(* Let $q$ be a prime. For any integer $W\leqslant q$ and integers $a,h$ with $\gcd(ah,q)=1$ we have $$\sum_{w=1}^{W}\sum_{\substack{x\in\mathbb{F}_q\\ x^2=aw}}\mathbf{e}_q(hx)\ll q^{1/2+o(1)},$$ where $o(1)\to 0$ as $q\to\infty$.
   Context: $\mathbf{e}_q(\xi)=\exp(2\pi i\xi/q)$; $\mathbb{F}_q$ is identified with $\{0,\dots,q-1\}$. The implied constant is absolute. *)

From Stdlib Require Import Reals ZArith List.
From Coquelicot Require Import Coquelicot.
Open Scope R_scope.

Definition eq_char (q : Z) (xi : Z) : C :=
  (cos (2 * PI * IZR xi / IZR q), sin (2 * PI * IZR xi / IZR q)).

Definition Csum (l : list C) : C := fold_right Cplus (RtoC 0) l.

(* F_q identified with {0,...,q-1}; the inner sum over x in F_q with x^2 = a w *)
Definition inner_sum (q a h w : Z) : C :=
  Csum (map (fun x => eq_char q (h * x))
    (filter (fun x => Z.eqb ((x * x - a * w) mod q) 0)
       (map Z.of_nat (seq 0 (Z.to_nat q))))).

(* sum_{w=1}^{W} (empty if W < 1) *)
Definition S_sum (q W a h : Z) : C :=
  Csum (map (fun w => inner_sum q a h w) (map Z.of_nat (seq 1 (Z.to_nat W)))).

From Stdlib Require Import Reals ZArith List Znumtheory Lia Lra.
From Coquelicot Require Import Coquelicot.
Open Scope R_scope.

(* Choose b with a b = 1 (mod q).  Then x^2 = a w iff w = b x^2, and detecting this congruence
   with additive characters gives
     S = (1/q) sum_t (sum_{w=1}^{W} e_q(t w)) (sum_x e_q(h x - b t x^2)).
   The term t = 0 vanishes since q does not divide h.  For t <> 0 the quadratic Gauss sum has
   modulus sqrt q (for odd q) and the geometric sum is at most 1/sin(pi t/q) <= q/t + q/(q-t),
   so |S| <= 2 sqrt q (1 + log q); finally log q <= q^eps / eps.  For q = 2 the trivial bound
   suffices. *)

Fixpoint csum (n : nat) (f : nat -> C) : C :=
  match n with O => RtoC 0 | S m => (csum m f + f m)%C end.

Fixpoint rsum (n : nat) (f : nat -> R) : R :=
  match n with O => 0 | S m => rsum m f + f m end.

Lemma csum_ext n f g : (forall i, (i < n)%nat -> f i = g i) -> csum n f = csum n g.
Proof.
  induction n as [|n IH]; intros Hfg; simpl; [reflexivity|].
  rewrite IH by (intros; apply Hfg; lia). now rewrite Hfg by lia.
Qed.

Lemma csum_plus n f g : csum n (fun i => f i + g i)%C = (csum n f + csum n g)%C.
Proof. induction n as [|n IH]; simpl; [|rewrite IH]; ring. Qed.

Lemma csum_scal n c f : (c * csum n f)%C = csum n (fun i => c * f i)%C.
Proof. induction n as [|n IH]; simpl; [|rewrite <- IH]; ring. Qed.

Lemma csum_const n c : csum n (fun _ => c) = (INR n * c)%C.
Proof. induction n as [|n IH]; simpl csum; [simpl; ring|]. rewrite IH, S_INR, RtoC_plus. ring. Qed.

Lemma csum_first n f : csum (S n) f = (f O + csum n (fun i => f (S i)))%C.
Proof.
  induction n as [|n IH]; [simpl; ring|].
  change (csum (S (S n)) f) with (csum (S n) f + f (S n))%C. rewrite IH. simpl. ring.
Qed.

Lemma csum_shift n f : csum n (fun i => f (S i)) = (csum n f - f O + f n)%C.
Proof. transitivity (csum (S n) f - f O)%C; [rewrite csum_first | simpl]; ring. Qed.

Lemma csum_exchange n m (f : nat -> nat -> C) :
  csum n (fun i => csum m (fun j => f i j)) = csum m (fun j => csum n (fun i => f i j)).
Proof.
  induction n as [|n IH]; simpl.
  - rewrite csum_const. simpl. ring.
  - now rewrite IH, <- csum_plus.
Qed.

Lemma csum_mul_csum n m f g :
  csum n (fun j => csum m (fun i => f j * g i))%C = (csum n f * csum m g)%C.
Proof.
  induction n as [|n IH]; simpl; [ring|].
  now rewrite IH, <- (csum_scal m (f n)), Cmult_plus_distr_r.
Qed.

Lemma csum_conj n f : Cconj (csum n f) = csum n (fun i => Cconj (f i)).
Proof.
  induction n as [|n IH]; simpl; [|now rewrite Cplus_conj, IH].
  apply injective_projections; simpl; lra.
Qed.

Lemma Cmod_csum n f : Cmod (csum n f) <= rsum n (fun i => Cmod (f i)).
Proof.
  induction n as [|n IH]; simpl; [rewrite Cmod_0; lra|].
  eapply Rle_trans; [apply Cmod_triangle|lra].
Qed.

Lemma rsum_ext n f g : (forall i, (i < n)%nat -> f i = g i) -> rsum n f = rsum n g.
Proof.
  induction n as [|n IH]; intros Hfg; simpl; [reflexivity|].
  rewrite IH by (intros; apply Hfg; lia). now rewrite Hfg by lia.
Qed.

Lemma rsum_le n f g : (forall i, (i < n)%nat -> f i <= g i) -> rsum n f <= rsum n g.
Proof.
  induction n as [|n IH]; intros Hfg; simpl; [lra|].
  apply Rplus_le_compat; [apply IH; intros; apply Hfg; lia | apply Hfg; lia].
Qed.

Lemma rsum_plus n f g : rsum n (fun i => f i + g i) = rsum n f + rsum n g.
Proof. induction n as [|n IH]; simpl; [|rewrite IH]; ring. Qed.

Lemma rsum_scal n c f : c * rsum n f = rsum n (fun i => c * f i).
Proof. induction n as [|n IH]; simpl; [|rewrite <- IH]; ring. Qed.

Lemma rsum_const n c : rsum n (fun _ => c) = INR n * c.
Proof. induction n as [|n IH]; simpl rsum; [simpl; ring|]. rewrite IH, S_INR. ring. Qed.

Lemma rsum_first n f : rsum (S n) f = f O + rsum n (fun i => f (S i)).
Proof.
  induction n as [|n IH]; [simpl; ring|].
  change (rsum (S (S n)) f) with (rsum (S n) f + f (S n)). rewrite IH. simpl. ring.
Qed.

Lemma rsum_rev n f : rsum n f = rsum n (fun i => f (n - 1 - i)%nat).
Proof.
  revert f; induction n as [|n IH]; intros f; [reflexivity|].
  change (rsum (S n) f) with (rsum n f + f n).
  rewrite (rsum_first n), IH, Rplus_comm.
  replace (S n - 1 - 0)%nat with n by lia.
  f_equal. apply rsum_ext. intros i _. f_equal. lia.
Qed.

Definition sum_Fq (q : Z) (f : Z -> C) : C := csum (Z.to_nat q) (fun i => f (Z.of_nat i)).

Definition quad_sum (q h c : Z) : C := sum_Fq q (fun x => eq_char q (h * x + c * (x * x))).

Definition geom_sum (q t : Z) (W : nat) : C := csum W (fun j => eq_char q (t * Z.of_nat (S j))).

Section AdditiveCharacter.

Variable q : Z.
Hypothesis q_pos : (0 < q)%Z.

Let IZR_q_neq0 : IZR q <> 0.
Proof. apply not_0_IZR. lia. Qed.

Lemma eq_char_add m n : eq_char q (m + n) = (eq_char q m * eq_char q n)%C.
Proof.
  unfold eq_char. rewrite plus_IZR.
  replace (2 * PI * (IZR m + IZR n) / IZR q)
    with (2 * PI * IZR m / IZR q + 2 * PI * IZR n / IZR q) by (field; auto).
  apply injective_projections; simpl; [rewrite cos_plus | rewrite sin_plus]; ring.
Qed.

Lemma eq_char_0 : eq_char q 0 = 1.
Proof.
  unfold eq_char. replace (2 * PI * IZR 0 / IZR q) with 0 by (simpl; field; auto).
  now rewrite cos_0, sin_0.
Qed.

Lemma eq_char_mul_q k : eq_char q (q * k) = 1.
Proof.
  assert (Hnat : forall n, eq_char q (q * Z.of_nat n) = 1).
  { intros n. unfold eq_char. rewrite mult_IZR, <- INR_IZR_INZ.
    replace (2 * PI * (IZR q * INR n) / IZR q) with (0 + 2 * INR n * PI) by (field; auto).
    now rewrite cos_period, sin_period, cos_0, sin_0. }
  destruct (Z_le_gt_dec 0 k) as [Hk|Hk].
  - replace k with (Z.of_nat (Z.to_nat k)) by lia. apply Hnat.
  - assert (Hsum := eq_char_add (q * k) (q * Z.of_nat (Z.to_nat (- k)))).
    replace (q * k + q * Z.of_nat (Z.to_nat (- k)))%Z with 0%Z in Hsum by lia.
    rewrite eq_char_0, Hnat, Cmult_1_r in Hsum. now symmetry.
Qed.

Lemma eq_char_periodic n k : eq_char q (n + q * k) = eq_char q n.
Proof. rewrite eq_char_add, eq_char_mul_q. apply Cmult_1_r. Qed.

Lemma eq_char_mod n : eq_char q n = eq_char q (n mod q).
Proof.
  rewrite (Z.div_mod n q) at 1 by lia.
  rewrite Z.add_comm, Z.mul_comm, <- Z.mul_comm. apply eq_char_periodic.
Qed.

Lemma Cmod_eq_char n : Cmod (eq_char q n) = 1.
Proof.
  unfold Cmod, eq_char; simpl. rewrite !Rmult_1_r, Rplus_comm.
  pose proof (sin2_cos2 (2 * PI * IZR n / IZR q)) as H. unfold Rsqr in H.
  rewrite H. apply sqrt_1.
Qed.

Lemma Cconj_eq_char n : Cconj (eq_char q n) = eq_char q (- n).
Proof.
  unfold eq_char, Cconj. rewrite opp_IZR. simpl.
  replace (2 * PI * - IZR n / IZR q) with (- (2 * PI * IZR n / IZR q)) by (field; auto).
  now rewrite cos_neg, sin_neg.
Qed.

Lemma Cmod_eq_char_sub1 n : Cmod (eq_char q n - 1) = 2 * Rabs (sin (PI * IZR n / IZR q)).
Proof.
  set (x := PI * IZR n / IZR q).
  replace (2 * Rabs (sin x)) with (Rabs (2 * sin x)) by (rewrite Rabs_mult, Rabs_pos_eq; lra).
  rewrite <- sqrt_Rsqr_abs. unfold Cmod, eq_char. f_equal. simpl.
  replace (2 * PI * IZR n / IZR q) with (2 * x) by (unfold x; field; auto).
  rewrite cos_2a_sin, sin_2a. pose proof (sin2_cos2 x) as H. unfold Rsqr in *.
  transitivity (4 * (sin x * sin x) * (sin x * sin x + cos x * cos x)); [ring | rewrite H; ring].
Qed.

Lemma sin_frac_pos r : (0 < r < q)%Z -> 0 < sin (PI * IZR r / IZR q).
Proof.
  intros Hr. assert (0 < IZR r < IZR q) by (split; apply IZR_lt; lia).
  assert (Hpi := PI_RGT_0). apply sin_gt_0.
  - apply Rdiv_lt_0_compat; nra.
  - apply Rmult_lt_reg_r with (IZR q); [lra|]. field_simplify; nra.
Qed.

◆ Task to carry out ◆
Your response should be the lines above from the first to the one containing "is absolute. *)", inclusive, each given exactly.

◆ Output for this task ◆
(* Let $q$ be a prime. For any integer $W\leqslant q$ and integers $a,h$ with $\gcd(ah,q)=1$ we have $$\sum_{w=1}^{W}\sum_{\substack{x\in\mathbb{F}_q\\ x^2=aw}}\mathbf{e}_q(hx)\ll q^{1/2+o(1)},$$ where $o(1)\to 0$ as $q\to\infty$.
   Context: $\mathbf{e}_q(\xi)=\exp(2\pi i\xi/q)$; $\mathbb{F}_q$ is identified with $\{0,\dots,q-1\}$. The implied constant is absolute. *)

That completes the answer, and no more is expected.